Classic range DP problem, which might be challenging to come up with at first. Define DP as following.

$dp[i][j]= \text{number of triples that has sum of 0, indexes are between i and j}$

We can calculate $dp[i][j]$ by using PIE, thinking about the edge indices, $i$ and $j$.

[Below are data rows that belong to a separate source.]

(* Let $K$, $L$, $A$ be as in the context, and suppose there is an $A$-scaffold on $L$ of tolerance $\mathfrak{T}\ge1$ with shift parameters $b_1,\dots,b_n$ (and elements $\lambda_t$, $\Psi_i$). Then $\{\Psi^{(s)}:s\in\mathbb{S}_{p^n}\}$ is a $K$-basis of $A$. Moreover, let $b'$ be any integer with $\mathfrak{a}(b')=p^n-1$ and let $\rho\in L$ with $v_L(\rho)=b'$. Then $L$ is a free $A$-module on the generator $\rho$. Additionally, for each $h\in\mathbb{Z}$, the ring $\mathfrak{A}(h,A)=\{\alpha\in A:\alpha\cdot\mathfrak{P}_L^h\subseteq\mathfrak{P}_L^h\}$ is an $\mathfrak{O}_K$-order in $A$.
   Context: Let $K$ be a field complete with respect to a discrete valuation, with residue field $\kappa$ of characteristic $p>0$ ($\kappa$ need not be perfect; $K$ may have characteristic $0$ or $p$). Let $L/K$ be a totally ramified field extension of degree $p^n$; let $v_K,v_L$ be the normalized valuations ($v_K(K^\times)=v_L(L^\times)=\mathbb{Z}$), $\mathfrak{O}_K,\mathfrak{O}_L$ the valuation rings, $\mathfrak{P}_K,\mathfrak{P}_L$ their maximal ideals. Let $A$ be a $K$-algebra with $\dim_K A=p^n$ acting $K$-linearly on $L$ (making $L$ a left $A$-module), written $\alpha\cdot x$. Let $\mathbb{S}_{p^n}=\{0,\dots,p^n-1\}$; write $s\in\mathbb{S}_{p^n}$ in base $p$ as $s=\sum_{i=1}^n s_{(n-i)}p^{n-i}$ with $s_{(n-i)}\in\{0,\dots,p-1\}$. Given integers $b_1,\dots,b_n$ prime to $p$ (shift parameters), put $\mathfrak{b}(s)=\sum_{i=1}^n s_{(n-i)}p^{n-i}b_i$; the map $s\mapsto\mathfrak{b}(s)\bmod p^n$ is a bijection of $\mathbb{S}_{p^n}$, and for $t\in\mathbb{Z}$ let $\mathfrak{a}(t)\in\mathbb{S}_{p^n}$ be the unique element with $\mathfrak{b}(\mathfrak{a}(t))\equiv -t\pmod{p^n}$, with base-$p$ digits $\mathfrak{a}(t)_{(n-i)}$. An $A$-scaffold on $L$ of tolerance $\mathfrak{T}\ge1$ (possibly $\mathfrak{T}=\infty$) with shift parameters $b_1,\dots,b_n$ consists of: (i) elements $\lambda_t\in L$ for $t\in\mathbb{Z}$ with $v_L(\lambda_t)=t$ and $\lambda_{t_1}\lambda_{t_2}^{-1}\in K$ whenever $t_1\equiv t_2\pmod{p^n}$; (ii) elements $\Psi_1,\dots,\Psi_n\in A$ with $\Psi_i\cdot1=0$, such that for each $i$ and each $t\in\mathbb{Z}$ there is a unit $u_{i,t}\in\mathfrak{O}_K^\times$ with $\Psi_i\cdot\lambda_t\equiv u_{i,t}\lambda_{t+p^{n-i}b_i}$ if $\mathfrak{a}(t)_{(n-i)}\ge1$ and $\Psi_i\cdot\lambda_t\equiv0$ if $\mathfrak{a}(t)_{(n-i)}=0$, congruences modulo $\lambda_{t+p^{n-i}b_i}\mathfrak{P}_L^{\mathfrak{T}}$ (equalities if $\mathfrak{T}=\infty$). For $s\in\mathbb{S}_{p^n}$, $\Psi^{(s)}=\Psi_n^{s_{(0)}}\Psi_{n-1}^{s_{(1)}}\cdots\Psi_1^{s_{(n-1)}}$. *)

From HB Require Import structures.
From mathcomp Require Import all_boot all_order all_algebra all_field.
Set Implicit Arguments. Unset Strict Implicit. Unset Printing Implicit Defensive.
Import Order.TTheory GRing.Theory Num.Theory.
Local Open Scope ring_scope.

Definition is_normalized_dval (F : fieldType) (v : F -> int) : Prop :=
  [/\ (forall x y : F, x != 0 -> y != 0 -> v (x * y) = v x + v y),
      (forall x y : F, x != 0 -> y != 0 -> x + y != 0 -> Num.min (v x) (v y) <= v (x + y)) &
      (forall z : int, exists2 x : F, x != 0 & v x = z)].

Definition vring (F : fieldType) (v : F -> int) (x : F) : Prop := x = 0 \/ 0 <= v x.
Definition vunit (F : fieldType) (v : F -> int) (x : F) : Prop := x != 0 /\ v x = 0.
Definition videal (F : fieldType) (v : F -> int) (h : int) (x : F) : Prop :=
  x = 0 \/ h <= v x.

Definition v_cauchy (F : fieldType) (v : F -> int) (u : nat -> F) : Prop :=
  forall N : int, exists M : nat, forall i j : nat, (M <= i)%N -> (M <= j)%N ->
    videal v N (u i - u j).
Definition v_converges (F : fieldType) (v : F -> int) (u : nat -> F) (l : F) : Prop :=
  forall N : int, exists M : nat, forall i : nat, (M <= i)%N -> videal v N (u i - l).
Definition v_complete (F : fieldType) (v : F -> int) : Prop :=
  forall u : nat -> F, v_cauchy v u -> exists l : F, v_converges v u l.

Definition is_Kaction (K : fieldType) (L : fieldExtType K) (A : falgType K)
    (act : A -> L -> L) : Prop :=
  [/\ (forall x : L, act 1 x = x),
      (forall (a b : A) (x : L), act (a * b) x = act a (act b x)),
      (forall (a b : A) (x : L), act (a + b) x = act a x + act b x),
      (forall (a : A) (x y : L), act a (x + y) = act a x + act a y) &
      (forall (c : K) (a : A) (x : L), act (c *: a) x = c *: act a x) /\
      (forall (c : K) (a : A) (x : L), act a (c *: x) = c *: act a x)].

Definition digit (p s j : nat) : nat := (s %/ p ^ j) %% p.

Definition bmap (p n : nat) (b : nat -> int) (s : nat) : int :=
  \sum_(1 <= i < n.+1) ((digit p s (n - i))%:Z * (p ^ (n - i))%:Z * b i).

(* a(t) : the (unique) s in S_{p^n} = {0,...,p^n-1} with b(s) = -t mod p^n *)
Definition amap (p n : nat) (b : nat -> int) (t : int) : nat :=
  nth 0%N (iota 0 (p ^ n))
    (find (fun s => ((bmap p n b s + t) %% (p ^ n)%:Z)%Z == 0) (iota 0 (p ^ n))).

(* congruence x = y mod lambda_m P_L^T, i.e. v_L(x - y) >= m + T; T = None means T = oo *)
Definition tcong (K : fieldType) (L : fieldExtType K) (vL : L -> int)
    (T : option nat) (m : int) (x y : L) : Prop :=
  match T with
  | None => x = y
  | Some T => videal vL (m + T%:Z) (x - y)
  end.

Definition is_scaffold (K : fieldType) (L : fieldExtType K) (A : falgType K)
    (vK : K -> int) (vL : L -> int) (act : A -> L -> L) (p n : nat)
    (T : option nat) (b : nat -> int) (lam : int -> L) (Psi : nat -> A) : Prop :=
  [/\
      (match T with None => True | Some T => (1 <= T)%N end),
      (forall i, (1 <= i <= n)%N -> ~~ (p%:Z %| b i)%Z),
      (forall t : int, lam t != 0 /\ vL (lam t) = t),
      (forall t1 t2 : int, (t1 == t2 %[mod (p ^ n)%:Z])%Z ->
          exists c : K, lam t1 / lam t2 = c%:A) &
      (forall i, (1 <= i <= n)%N -> act (Psi i) 1 = 0) /\
      (forall i, (1 <= i <= n)%N -> forall t : int,
          exists u : K, vunit vK u /\
            let m := t + (p ^ (n - i))%:Z * b i in
            if (1 <= digit p (amap p n b t) (n - i))%N
            then tcong vL T m (act (Psi i) (lam t)) (u *: lam m)
            else tcong vL T m (act (Psi i) (lam t)) 0)].

Definition Psi_pow (K : fieldType) (A : falgType K) (p n : nat) (Psi : nat -> A) (s : nat) : A :=
  \prod_(0 <= j < n) Psi (n - j)%N ^+ digit p s j.

Definition assoc_order (K : fieldType) (L : fieldExtType K) (A : falgType K)
    (vL : L -> int) (act : A -> L -> L) (h : int) (alpha : A) : Prop :=
  forall x : L, videal vL h x -> videal vL h (act alpha x).

Definition is_OK_order (K : fieldType) (A : falgType K) (vK : K -> int)
    (S : A -> Prop) : Prop :=
  [/\ S 1, S 0,
      (forall x y, S x -> S y -> S (x + y)),
      (forall x y, S x -> S y -> S (x * y)) &
      (forall (c : K) x, vring vK c -> S x -> S (c *: x)) /\
      exists gens : seq A,
        (<<gens>>%VS = fullv) /\
        (forall x, S x <-> exists c : nat -> K,
             (forall i, vring vK (c i)) /\
             x = \sum_(i < size gens) c i *: gens`_i)].

From HB Require Import structures.
From Stdlib Require Import Classical Wf_nat.
From mathcomp Require Import all_boot all_order all_algebra all_field zify ring.
Set Implicit Arguments. Unset Strict Implicit. Unset Printing Implicit Defensive.
Import Order.TTheory GRing.Theory Num.Theory.
Local Open Scope ring_scope.

(* Let [rho] have valuation [b'] with [a(b') = p^n - 1], so that every base-[p]
   digit of [a(vL rho)] equals [p - 1]. Applying [Psi_i] to an element whose
   [a]-digit at position [n - i] is nonzero shifts its valuation by exactly
   [p^(n-i) b_i] and lowers that digit by one; hence [Psi^(s) . rho] has
   valuation [b' + b(s)]. As [b] is injective modulo [p^n], these [p^n]
   valuations are pairwise incongruent modulo [e = p^n], so no [K]-linear
   combination of the [Psi^(s) . rho] can cancel: they are free, and counting
   dimensions makes [Psi^(s)] a basis of [A] and [alpha |-> alpha . rho] a
   bijection. The same non-cancellation bounds from below the coordinates of
   any element of [A(h, A)], while [Psi^(s)] maps [P_L^h] into
   [P_L^(h + b(s))], so a nonzero multiple of each [Psi^(s)] lies in
   [A(h, A)]; an [O_K]-submodule with coordinates bounded below is finitely
   generated since [O_K] is a discrete valuation ring. *)

Section DiscreteValuation.
Variables (F : fieldType) (v : F -> int).
Hypothesis Hv : is_normalized_dval v.

Lemma dvalM x y : x != 0 -> y != 0 -> v (x * y) = v x + v y.
Proof. by case: Hv => + _ _; apply. Qed.

Lemma dvalD x y : x != 0 -> y != 0 -> x + y != 0 -> Num.min (v x) (v y) <= v (x + y).
Proof. by case: Hv => _ + _; apply. Qed.

Lemma dval1 : v 1 = 0.
Proof.
have := dvalM (oner_neq0 F) (oner_neq0 F); rewrite mulr1 => h.
by change (v 1 = v 1 + v 1) in h; lia.
Qed.

Lemma dvalN x : x != 0 -> v (- x) = v x.
Proof.
move=> x0; have N10 : (-1 : F) != 0 by rewrite oppr_eq0 oner_neq0.
have vN1 : v (-1) = 0 by have := dvalM N10 N10; rewrite mulrNN mulr1 dval1; lia.
by rewrite -mulN1r dvalM // vN1 add0r.
Qed.

Lemma dvalV x : x != 0 -> v x^-1 = - v x.
Proof.
move=> x0; have := dvalM x0 (invr_neq0 x0).
by rewrite mulfV // dval1; lia.
Qed.

Lemma dvalX x m : x != 0 -> v (x ^+ m) = m%:Z * v x.
Proof.
move=> x0; elim: m => [|m IH]; first by rewrite expr0 dval1 mul0r.
by rewrite exprS dvalM ?expf_neq0 // IH -addn1 PoszD mulrDl mul1r addrC.
Qed.

Lemma videalW h h' x : h' <= h -> videal v h x -> videal v h' x.
Proof. by move=> hh [->|hx]; [left | right; lia]. Qed.

Lemma videalD h x y : videal v h x -> videal v h y -> videal v h (x + y).
Proof.
case=> [->|hx]; first by rewrite add0r.
case=> [->|hy]; first by rewrite addr0; right.
have [->|xy] := eqVneq (x + y) 0; first by left.
have [x0|x0] := eqVneq x 0; first by rewrite x0 add0r; right.
have [y0|y0] := eqVneq y 0; first by rewrite y0 addr0; right.
by right; have := dvalD x0 y0 xy; set a := v (x + y); lia.
Qed.

Lemma videalN h x : videal v h x -> videal v h (- x).
Proof.
case=> [->|hx]; first by rewrite oppr0; left.
have [->|x0] := eqVneq x 0; first by rewrite oppr0; left.
by right; rewrite dvalN.
Qed.

Lemma videal_sum h m (G : 'I_m -> F) :
  (forall i, videal v h (G i)) -> videal v h (\sum_(i < m) G i).
Proof. by move=> hG; elim/big_rec: _ => [|i x _]; [left | apply: videalD]. Qed.

Lemma vringN c : vring v c -> vring v (- c).
Proof. exact: videalN. Qed.

Lemma dvalD_eq x y : x != 0 -> videal v (v x + 1) y -> x + y != 0 /\ v (x + y) = v x.
Proof.
move=> x0 [->|hy]; first by rewrite addr0.
have [y0|y0] := eqVneq y 0; first by rewrite y0 addr0.
have xy : x + y != 0.
  by apply: contraTneq hy => /eqP; rewrite addr_eq0 => /eqP ->; rewrite dvalN //; lia.
split=> //; have := dvalD x0 y0 xy.
have ny0 : - y != 0 by rewrite oppr_eq0.
have := dvalD xy ny0; rewrite addrK dvalN // => /(_ x0).
by move: hy; set a := v (x + y); lia.
Qed.

Lemma dvalD_lt x y : x != 0 -> v x < v y -> x + y != 0 /\ v (x + y) = v x.
Proof.
move=> x0 lt; apply: dvalD_eq => //.
by have [->|y0] := eqVneq y 0; [left | right; lia].
Qed.

Section DistinctValuations.
Variables (m : nat) (G : nat -> F).
Hypothesis Gdist : forall i j, (i < m)%N -> (j < m)%N -> i != j ->
  G i != 0 -> G j != 0 -> v (G i) != v (G j).

Lemma dval_sum_distinct_nat :
  [/\ \sum_(i < m) G i = 0 -> forall i, (i < m)%N -> G i = 0,
      \sum_(i < m) G i != 0 -> exists2 i, (i < m)%N & G i != 0 /\ v (G i) = v (\sum_(i < m) G i) &
      \sum_(i < m) G i != 0 -> forall j, (j < m)%N -> G j != 0 -> v (\sum_(i < m) G i) <= v (G j)].
Proof.
elim: m Gdist => [|k IH] hd.
  by split; [move=> _ i | rewrite big_ord0 eqxx | rewrite big_ord0 eqxx].
have [|Ia Ib Ic] := IH; first by move=> i j hi hj; apply: hd; apply: ltnW.
rewrite big_ord_recr /=; set S := \sum_(i < k) G i.
have ltSP j : (j < k.+1)%N -> j = k \/ (j < k)%N by rewrite ltnS leq_eqVlt => /orP [/eqP|]; auto.
have [Gk0|Gk0] := eqVneq (G k) 0.
  rewrite Gk0 addr0; split.
  - by move=> S0 i /ltSP [->|]; [|exact: Ia].
  - by move=> S0; have [i hi hh] := Ib S0; exists i => //; apply: ltnW.
  - by move=> S0 j /ltSP [->|]; [rewrite Gk0 eqxx | exact: Ic].
have [S0|S0] := eqVneq S 0.
  rewrite S0 add0r; split => [e | _ | _ j /ltSP [->|hj]] //; first by rewrite e eqxx in Gk0.
  - by exists k.
  - by rewrite Ia ?eqxx.
have [i0 hi0 [Gi0 vi0]] := Ib S0.
have ne : v S != v (G k) by rewrite -vi0 hd // ?ltn_eqF // ltnW.
have [lt|gt] := ltP (v S) (v (G k)).
  have [nz ev] := dvalD_lt S0 lt; split => [e | _ | _ j /ltSP [->|hj] Gj]; rewrite ?ev.
  - by rewrite e eqxx in nz.
  - by exists i0; [exact: ltnW |].
  - exact: ltW.
  - exact: Ic.
have lt : v (G k) < v S by rewrite lt_neqAle eq_sym ne gt.
have [nz ev] := dvalD_lt Gk0 lt; rewrite addrC.
split => [e | _ | _ j /ltSP [->|hj] Gj]; rewrite ?ev //.
- by rewrite e eqxx in nz.
- by exists k.
- by have := Ic S0 j hj Gj; move: lt; set a := v S; set c := v (G j); lia.
Qed.
End DistinctValuations.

$dp[i][j]=dp[i+1][j]+dp[i][j-1]-dp[i+1][j-1]+trp[i][j]$

$trp[i][j]$ refers to number of $k(i<k<j)$ such that $S_i+S_k+S_j=0$.
$trp[i][j]$ can be calculated in preprocessing, in $O(N^2)$ time.

Code

#include <iostream>
#include <algorithm>
using namespace std;
const long long B=1e6;
long long N, Q, dp[5010][5010], a[5010], mark[2000010], ts[5010][5010];
long long solve(long long i, long long j){
    long long &r=dp[i][j];
    if(j-i<=1)
        r=0;
    if(r!=-1)
        return r;
    else{
        r=solve(i+1, j)+solve(i, j-1)-solve(i+1, j-1)+ts[i][j];
    }
    return r;
}
int main(){
    ios_base::sync_with_stdio(false);
    cin.tie(NULL);
    cin >> N >> Q;
    fill(&dp[0][0], &dp[5009][5010], -1);
    for(long long i=1; i<=N; i++)
        cin >> a[i];
    for(long long i=1; i<N; i++){
        for(long long j=i+1; j<=N; j++){
            long long v=-a[i]-a[j]+B;
            if(v>=0 && v<2000010)
                ts[i][j]=mark[v];
            mark[a[j]+B]++;
        }
        for(long long j=N; j>=i+1; j--){
            mark[a[j]+B]--;
        }
    }
    
    for(long long i=1; i<=Q; i++){
        long long u, v; cin >> u >> v;
        cout << solve(u, v) << "\n";
    }
    return 0;
}